Segment Open
(* Let $A\in\mathbb{R}^{N\times N}$, $b^{ex},e\in\mathbb{R}^N$ with $e\neq 0$, and $b=b^{ex}+e$. For each $m$ let $r_m^{ex}=p_m^{ex}(A)b^{ex}$ be the $m$-th residual of GMRES applied to $Ax=b^{ex}$, where $p_m^{ex}$ is the corresponding GMRES residual polynomial (of degree at most $m$, with $p_m^{ex}(0)=1$). Assume there exist $m^*$ and $\eta^*$ such that $\|p_m^{ex}(A)\|\le\eta^*$ for all $m\ge m^*$. Then for every $m\ge m^*$ the $m$-th residual $r_m$ of GMRES applied to $Ax=b$ satisfies \[ \|r_m\|\le\eta\|e\|,\qquad \eta=\frac{\|r_{m^*}^{ex}\|}{\|e\|}+\eta^*. \]
   Context: GMRES with zero initial guess applied to $Ax=b$: the $m$-th iterate $x_m\in\mathcal{K}_m(A,b)=\mathrm{span}\{b,Ab,\dots,A^{m-1}b\}$ minimizes $\|b-Ax\|$ over this subspace, so $r_m=b-Ax_m=p_m(A)b$ with $\|r_m\|=\min\{\|p(A)b\|: p \text{ polynomial of degree}\le m,\ p(0)=1\}$. Norms are Euclidean (spectral for matrices). *)

From HB Require Import structures.
From mathcomp Require Import all_boot all_order all_algebra.
From mathcomp Require Import classical_sets reals.
Set Implicit Arguments. Unset Strict Implicit. Unset Printing Implicit Defensive.
Import Order.TTheory GRing.Theory Num.Theory.
Local Open Scope ring_scope.
Local Open Scope classical_set_scope.

Definition vnorm {R : realType} {N : nat} (x : 'cV[R]_N) : R :=
  Num.sqrt (\sum_(i < N) x i ord0 ^+ 2).

Definition specnorm {R : realType} {N : nat} (A : 'M[R]_N) : R :=
  sup [set vnorm (A *m x) | x in [set x : 'cV[R]_N | vnorm x = 1]].

Definition poly_mx {R : realType} {N : nat} (A : 'M[R]_N) (p : {poly R}) : 'M[R]_N :=
  \sum_(i < size p) p`_i *: A ^+ i.

(* p is an m-th GMRES residual polynomial for A x = b (zero initial guess):
   deg p <= m, p(0) = 1, and ||p(A) b|| is minimal among such polynomials,
   so that r_m = p(A) b is the m-th GMRES residual. *)
Definition gmres_poly {R : realType} {N : nat} (A : 'M[R]_N) (b : 'cV[R]_N)
    (m : nat) (p : {poly R}) : Prop :=
  [/\ (size p <= m.+1)%N, p.[0] = 1 &
      forall q : {poly R}, (size q <= m.+1)%N -> q.[0] = 1 ->
        vnorm (poly_mx A p *m b) <= vnorm (poly_mx A q *m b)].

From HB Require Import structures.
From mathcomp Require Import all_boot all_order all_algebra.
From mathcomp Require Import classical_sets reals.
From mathcomp Require Import ring lra.
Set Implicit Arguments. Unset Strict Implicit. Unset Printing Implicit Defensive.
Import Order.TTheory GRing.Theory Num.Theory.
Local Open Scope ring_scope.

(* For m >= m*, the exact polynomial p_m^ex is admissible for the perturbed
   problem, so ||r_m|| <= ||p_m^ex(A) b^ex|| + ||p_m^ex(A) e||.  The first term
   is the exact residual, which is nonincreasing in m and hence bounded by
   ||r_{m*}^ex||; the second is at most eta* ||e||. *)

Section EuclideanNorm.
Variables (R : realType) (N : nat).
Implicit Types x y : 'cV[R]_N.

Definition vdot x y : R := \sum_(i < N) x i ord0 * y i ord0.

Lemma vnorm_ge0 x : 0 <= vnorm x.
Proof. exact: sqrtr_ge0. Qed.

Lemma vnorm_sqr x : vnorm x ^+ 2 = \sum_(i < N) x i ord0 ^+ 2.
Proof. by rewrite sqr_sqrtr // sumr_ge0 // => i _; rewrite sqr_ge0. Qed.

Lemma sqr_coord_le_vnorm x i : x i ord0 ^+ 2 <= vnorm x ^+ 2.
Proof. by rewrite vnorm_sqr (bigD1 i) //= lerDl sumr_ge0 // => j _; rewrite sqr_ge0. Qed.

Lemma norm_coord_le_vnorm x i : `|x i ord0| <= vnorm x.
Proof. by rewrite -ler_sqr ?nnegrE ?vnorm_ge0 // real_normK ?num_real ?sqr_coord_le_vnorm. Qed.

Lemma vnorm_eq0 x : (vnorm x == 0) = (x == 0).
Proof.
apply/eqP/eqP => [x0|->]; last first.
  by rewrite /vnorm big1 ?sqrtr0 // => i _; rewrite mxE expr0n.
apply/matrixP => i j; apply/eqP; rewrite (ord1 j) mxE -normr_eq0 eq_le normr_ge0 andbT.
by rewrite -x0 norm_coord_le_vnorm.
Qed.

Lemma vnorm_gt0 x : (0 < vnorm x) = (x != 0).
Proof. by rewrite lt_def vnorm_eq0 vnorm_ge0 andbT. Qed.

Lemma vnorm0 : vnorm (0 : 'cV[R]_N) = 0.
Proof. by apply/eqP; rewrite vnorm_eq0. Qed.

Lemma vnormZ (c : R) x : vnorm (c *: x) = `|c| * vnorm x.
Proof.
rewrite /vnorm -sqrtr_sqr -sqrtrM ?sqr_ge0 // mulr_sumr.
by congr Num.sqrt; apply: eq_bigr => i _; rewrite mxE exprMn.
Qed.

Lemma vnormD_sqr x y :
  vnorm (x + y) ^+ 2 = vnorm x ^+ 2 + 2 * vdot x y + vnorm y ^+ 2.
Proof.
rewrite !vnorm_sqr /vdot mulr_sumr -!big_split /=.
by apply: eq_bigr => i _; rewrite mxE; ring.
Qed.

Lemma vdot_le_vnorm x y : vdot x y <= vnorm x * vnorm y.
Proof.
have vdot0 z : vdot z 0 = 0 /\ vdot 0 z = 0.
  by split; rewrite /vdot big1 // => i _; rewrite mxE (mulr0, mul0r).
have [->|x0] := eqVneq x 0; first by rewrite (vdot0 y).2 mulr_ge0 ?vnorm_ge0.
have [->|y0] := eqVneq y 0; first by rewrite (vdot0 x).1 mulr_ge0 ?vnorm_ge0.
have a_gt0 : 0 < vnorm x by rewrite vnorm_gt0.
have b_gt0 : 0 < vnorm y by rewrite vnorm_gt0.
set a := vnorm x in a_gt0 *; set b := vnorm y in b_gt0 *.
(* ||b x - a y||^2 = 2 a b (a b - <x, y>) *)
have : 0 <= \sum_(i < N) (b * x i ord0 - a * y i ord0) ^+ 2.
  by apply: sumr_ge0 => i _; rewrite sqr_ge0.
have -> : \sum_(i < N) (b * x i ord0 - a * y i ord0) ^+ 2 =
    b ^+ 2 * \sum_(i < N) x i ord0 ^+ 2 - 2 * a * b * vdot x y
    + a ^+ 2 * \sum_(i < N) y i ord0 ^+ 2.
  rewrite /vdot !mulr_sumr -sumrB -big_split /=.
  by apply: eq_bigr => i _; ring.
rewrite -!vnorm_sqr -/a -/b.
have ab_gt0 : 0 < a * b by rewrite mulr_gt0.
by nra.
Qed.

Lemma vnormD_le x y : vnorm (x + y) <= vnorm x + vnorm y.
Proof.
rewrite -ler_sqr ?nnegrE ?addr_ge0 ?vnorm_ge0 // vnormD_sqr.
have := vdot_le_vnorm x y; lra.
Qed.

End EuclideanNorm.

Section SpectralNorm.
Variables (R : realType) (N : nat).
Implicit Types (x u : 'cV[R]_N) (P : 'M[R]_N).

Lemma vnorm_mulmx_unit_le P u : vnorm u = 1 -> vnorm (P *m u) <= specnorm P.
Proof.
(* On the unit sphere |z_j| <= 1, so the absolute row sums of P bound |P z|. *)
move=> u1; apply: sup_upper_bound; last by exists u.
split; first by exists (vnorm (P *m u)), u.
exists (Num.sqrt (\sum_(i < N) (\sum_(j < N) `|P i j|) ^+ 2)).
move=> _ [z z1 <-]; rewrite ler_sqrt; last by rewrite sumr_ge0 // => i _; rewrite sqr_ge0.
apply: ler_sum => i _.
rewrite -real_normK ?num_real // ler_sqr ?nnegrE ?sumr_ge0 //.
rewrite mxE (le_trans (ler_norm_sum _ _ _)) // ler_sum // => j _.
by rewrite normrM ler_piMr // -z1 norm_coord_le_vnorm.
Qed.

Lemma vnorm_mulmx_le P x : vnorm (P *m x) <= specnorm P * vnorm x.
Proof.
have [->|x0] := eqVneq x 0; first by rewrite mulmx0 vnorm0 mulr0.
have nx_gt0 : 0 < vnorm x by rewrite vnorm_gt0.
set u := (vnorm x)^-1 *: x.
have u1 : vnorm u = 1.
  by rewrite vnormZ ger0_norm ?invr_ge0 ?vnorm_ge0 // mulVf // gt_eqF.
have -> : P *m x = vnorm x *: (P *m u).
  by rewrite -scalemxAr scalerA mulfV ?gt_eqF // scale1r.
by rewrite vnormZ ger0_norm ?vnorm_ge0 // mulrC ler_pM2r // vnorm_mulmx_unit_le.
Qed.

End SpectralNorm.

Section GmresResidual.
Variables (R : realType) (N : nat).
Implicit Types (b e : 'cV[R]_N) (A : 'M[R]_N) (p q : {poly R}).

Lemma gmres_residual_nonincreasing A b m n p q :
  (m <= n)%N -> gmres_poly A b m p -> gmres_poly A b n q ->
  vnorm (poly_mx A q *m b) <= vnorm (poly_mx A p *m b).
Proof. by move=> mn [sp p0 _] [_ _ qmin]; apply: qmin; rewrite // (leq_trans sp). Qed.

Lemma gmres_residual_perturbed_le A b e m p q :
  gmres_poly A (b + e) m p -> gmres_poly A b m q ->
  vnorm (poly_mx A p *m (b + e)) <=
    vnorm (poly_mx A q *m b) + specnorm (poly_mx A q) * vnorm e.
Proof.
move=> [_ _ pmin] [sq q0 _]; apply: le_trans (pmin q sq q0) _.
by rewrite mulmxDr (le_trans (vnormD_le _ _)) // lerD2l vnorm_mulmx_le.
Qed.

End GmresResidual.

Theorem proposition1 (R : realType) (N : nat) (A : 'M[R]_N)
    (bex e : 'cV[R]_N) (pex : nat -> {poly R}) (mstar : nat) (etastar : R) :
  e != 0 ->
  (forall m, gmres_poly A bex m (pex m)) ->
  (forall m, (mstar <= m)%N -> specnorm (poly_mx A (pex m)) <= etastar) ->
  forall m, (mstar <= m)%N ->
  forall p : {poly R}, gmres_poly A (bex + e) m p ->
  vnorm (poly_mx A p *m (bex + e)) <=
    (vnorm (poly_mx A (pex mstar) *m bex) / vnorm e + etastar) * vnorm e.
Proof.
move=> e0 gmres_ex specnorm_ex m mstar_le_m p gmres_p.
have e_gt0 : 0 < vnorm e by rewrite vnorm_gt0.
rewrite mulrDl divfK ?gt_eqF //.
apply: le_trans (gmres_residual_perturbed_le gmres_p (gmres_ex m)) _.
apply: lerD; first exact: gmres_residual_nonincreasing (gmres_ex mstar) (gmres_ex m).
by rewrite ler_pM2r // specnorm_ex.
Qed.
End Deflation.

Section Eigenbasis.
Variables (R : rcfType) (d : nat) (S : 'M[R]_d) (lam : nat -> R) (e : nat -> 'cV[R]_d).
Hypothesis S_sym : S^T = S.
Hypothesis S_eig : forall i, (i < d)%N -> S *m e i = lam i *: e i.
Hypothesis e_orthonormal :
  forall i j, (i < d)%N -> (j < d)%N -> ip (e i) (e j) = (i == j)%:R.

Lemma ip_eigvec_mulmx i x : (i < d)%N -> ip (e i) (S *m x) = lam i * ip (e i) x.
Proof. by move=> lt_id; rewrite ip_mulmxr S_sym S_eig // ipZl. Qed.

Lemma qform_eigen_expansion x : qform S x = \sum_(i < d) lam i * ip (e i) x ^+ 2.
Proof.
rewrite qformE (parseval e_orthonormal); apply: eq_bigr => i _.
by rewrite ip_eigvec_mulmx // mulrCA -expr2 ipC.
Qed.

Hypothesis lam_nonincr : forall i j, (i <= j < d)%N -> lam j <= lam i.

Lemma qform_ge_on_leading_span k z : (k < d)%N ->
  (forall i, (k < i < d)%N -> ip (e i) z = 0) -> lam k * ip z z <= qform S z.
Proof.
move=> lt_kd z_lead; rewrite qform_eigen_expansion (parseval e_orthonormal) mulr_sumr.
apply: ler_sum => i _; rewrite -expr2; case: (leqP i k) => [le_ik|lt_ki].
  by rewrite ler_wpM2r ?sqr_ge0 // lam_nonincr // le_ik.
by rewrite z_lead ?lt_ki ?ltn_ord // expr2 !mulr0.
Qed.

Lemma deflate_top_eigenvalue_ge (v : nat -> 'cV[R]_d) k (mu : R) : (k < d)%N ->
  (forall mu' (w : 'cV_d), w != 0 -> deflate S v k *m w = mu' *: w -> mu' <= mu) ->
  lam k <= mu.
Proof.
move=> lt_kd mu_max.
have [z z_neq0 [z_perp z_lead]] := exists_orthogonal_in_span e_orthonormal v lt_kd.
have Az : deflate S v k *m z = S *m z.
  by rewrite deflate_mulmx big1 ?subr0 // => j _; rewrite z_perp // mulr0 scale0r.
rewrite -(ler_pM2r (ip_gt0 z_neq0)).
apply: le_trans (qform_ge_on_leading_span lt_kd z_lead) _.
rewrite qformE -Az -qformE.
exact: qform_le_max_eigenvalue (trmx_deflate _ _ S_sym) mu_max z.
Qed.

Hypothesis S_psd : forall x, 0 <= qform S x.

Lemma eigenvalue_ge0 i : (i < d)%N -> 0 <= lam i.
Proof.
by move=> lt_id; have := S_psd (e i); rewrite qformE S_eig // ipZr e_orthonormal // eqxx mulr1.
Qed.

Lemma qform_ge_near_eigvec i w : (i < d)%N -> ip w w = 1 ->
  lam i * (1 - norm2 (e i - w) ^+ 2) <= qform S w.
Proof.
move=> lt_id ww; have := S_psd (w - e i).
rewrite !qformE mulmxBr S_eig // !ipBl !ipBr !ipZr ip_eigvec_mulmx // -qformE.
rewrite norm2_sqr !ipBl !ipBr ww e_orthonormal // eqxx (ipC w (e i)).
move=> h; lra.
Qed.

End Eigenbasis.

Lemma nonincr_of_decr (R : numDomainType) d (f : nat -> R) :
  (forall i, (i.+1 < d)%N -> f i.+1 < f i) -> forall i j, (i <= j < d)%N -> f j <= f i.
Proof.
move=> f_decr i j /andP [+ lt_jd]; elim: j lt_jd => [|j IH] lt_jd.
  by rewrite leqn0 => /eqP ->.
rewrite leq_eqVlt => /predU1P [-> // | lt_ij].
exact: le_trans (ltW (f_decr j lt_jd)) (IH (ltnW lt_jd) lt_ij).
Qed.

Section ScalarBounds.
Variable R : rcfType.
Segment Closed
● **What to produce**
Within the data, tally each line containing the string "parseval". Answer with the number by itself.

● **Written response**
2